Les Chasseurs dans la Neige, de Brueghel. Ce tableau apparaît dans le prologue, puis plus tard dans le film, tout d’abord comme un hommage à Tarkovski. Ce réalisateur Russe, à qui était dédié le film précédent de Lars Von Trier, Antichrist, utilise ce tableau dans son film Solaris. Si nous n’allons pas nous lancer dans une analyse de Solaris, nous pouvons tout de même parler du tableau comme signifiant, remis dans le contexte de la diégèse de Melancholia, et tout particulièrement dans le prologue. Cet œuvre date de 1565, et appartient à la Renaissance Nordique. Par opposition à la Renaissance Italienne, basée sur la perspective, la peinture flamande fait le choix du motif cartographique, dans ses représentations. La peinture devient un fragment prélevé dans l’infini du monde. La plupart des tableaux appartenant à cette Renaissance présentent des scènes de la vie quotidienne, du « petit peuple », en opposition aux peintures d’histoires ou religieuses. C’est le cas ici, où nous pouvons observer tout un village absorbé dans ses occupations quotidiennes, au milieu de l’hiver. Le spectateur n’a pas de place définie dans le tableau : à l’inverse de la perspective monofocale, qui fixe notre regard sur un point, nous sommes ici en train de flotter au dessus de la scène. Notre regard peut embrasser tout le paysage, sans que nous prenions position à l’intérieur de celui-ci. Aussi, lorsque l’image du tableau se consume, dans le prologue, nous devenons pleinement spectateur de la disparition progressive du monde. Le cadrage du tableau, fonctionnant en « all-over », laisse imaginer le paysage qui déborde et continue à l’infini hors du cadre. Les flammes qui le rongent ont alors déjà tout consumé. Comme la petite île sur laquelle se trouve le château, où se déroule l’histoire, le tableau des Chasseurs dans la neige est tout ce qu’il reste. Sa destruction signifie la fin de la vie, et du monde. Et nous, spectateur, rejetés en dehors du tableau, prenons parfaitement conscience de la catastrophe qui nous guette.
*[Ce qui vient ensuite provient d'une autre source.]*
(* [gram A] is [Psi^* Psi] for [Psi Y := (mask A Y, tcomm A Y)], whose
   injectivity is exactly the nSSP. *)
Definition gram A Y := (tcomm A Y)^T *m A - A *m (tcomm A Y)^T + mask A Y.

Lemma gram_is_linear A : linear (gram A).
Proof.
move=> a X Y; rewrite /gram !linearP /= mulmxDl -scalemxAl !scalerDr scalerN.
by rewrite [X in X + _ = _]addrACA [LHS]addrACA.
Qed.

HB.instance Definition _ A :=
  GRing.isLinear.Build R 'M[R]_n 'M[R]_n *:%R (gram A) (gram_is_linear A).

Lemma fdot_gram A Y :
  fdot Y (gram A Y) = fdot (tcomm A Y)^T (tcomm A Y)^T + fdot (mask A Y) (mask A Y).
Proof. by rewrite fdotDr fdot_commutator fdot_mask /fdot trmxK. Qed.

Lemma gram_eq0 {A} : nSSP A -> forall Y, gram A Y = 0 -> Y = 0.
Proof.
move=> sspA Y gram0; have := fdot_gram A Y; rewrite gram0 /fdot mulmx0 raddf0.
move/esym/eqP; rewrite -!/(fdot _ _) paddr_eq0 ?fdot_self_ge0 //.
case/andP=> /eqP/fdot_self_eq0/(congr1 trmx) + /eqP/fdot_self_eq0/eqP.
rewrite trmxK trmx0 mask_eq0 => comm0 /eqP had0.
exact: sspA.
Qed.

Lemma gram_unitmx {A} : nSSP A -> lin_mx (gram A) \in unitmx.
Proof.
move=> sspA; rewrite -row_free_unit -kermx_eq0; apply/eqP/row_matrixP => i.
have : row i (kermx (lin_mx (gram A))) *m lin_mx (gram A) = 0.
  by rewrite -row_mul mulmx_ker row0.
rewrite mul_rV_lin row0 => /(congr1 vec_mx); rewrite mxvecK linear0.
by move=> /(gram_eq0 sspA) /(congr1 mxvec); rewrite vec_mxK linear0.
Qed.

Definition gram_inv A X := vec_mx (mxvec X *m invmx (lin_mx (gram A))).

Lemma gram_inv_is_linear A : linear (gram_inv A).
Proof. by move=> a X Y; rewrite /gram_inv linearP mulmxDl -scalemxAl linearP. Qed.

HB.instance Definition _ A :=
  GRing.isLinear.Build R 'M[R]_n 'M[R]_n *:%R (gram_inv A) (gram_inv_is_linear A).

Lemma gram_invK {A} : nSSP A -> cancel (gram_inv A) (gram A).
Proof.
by move=> sspA X; rewrite /gram_inv -mx_rV_lin mulmxKV ?gram_unitmx ?mxvecK.
Qed.

Lemma gram_inv_norm_le A : exists2 c, 0 < c & forall X, `|gram_inv A X| <= c * `|X|.
Proof.
exists ((n * n)%:R * `|invmx (lin_mx (gram A))| + 1) => [|X].
  by rewrite ltr_wpDl ?mulr_ge0.
rewrite (le_trans (vec_mx_norm _)) // (le_trans (mulmx_norm_le _ _)) //.
rewrite mulrAC mulrDl mul1r ler_wpDr //.
by rewrite ler_wpM2l ?mulr_ge0 ?mxvec_norm.
Qed.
Le spectateur dans l’état psychologique du mélancolique

Le film s’ouvre, d’emblée, sur le visage de Justine, en gros plan. Les cheveux en bataille, les yeux lourds, les traits tirés,… ce visage est un masque de douleur et de tristesse. Le gros plan, et la frontalité avec laquelle la caméra nous place face à ce visage, rappelle les gros plan de Persona, d’Ingmar Bergman. Deux magnifiques visages de femmes sont filmés en gros plan, et, associés, deviennent monstrueux. Le spectateur, par le biais de la caméra, se trouve « dans » le visage, plutôt que devant. Epstein parle d’une absorption de l’image par le spectateur. Par le gros plan, qui offre une acuité visuelle maximale, la caméra abolie l’espace entre l’écran et nous. Ainsi, d’emblée, nous plongeons entièrement dans l’abîme de douleur mélancolique dont est constituée Justine. Si nous ne nous en rendons pas compte de suite, le réalisateur nous annonce que nous sommes destinés à prendre sa place, ou du moins à partager ses émotions, durant le film. Et ceci se confirme dans la suite du prologue, et « grâce » au prologue lui même.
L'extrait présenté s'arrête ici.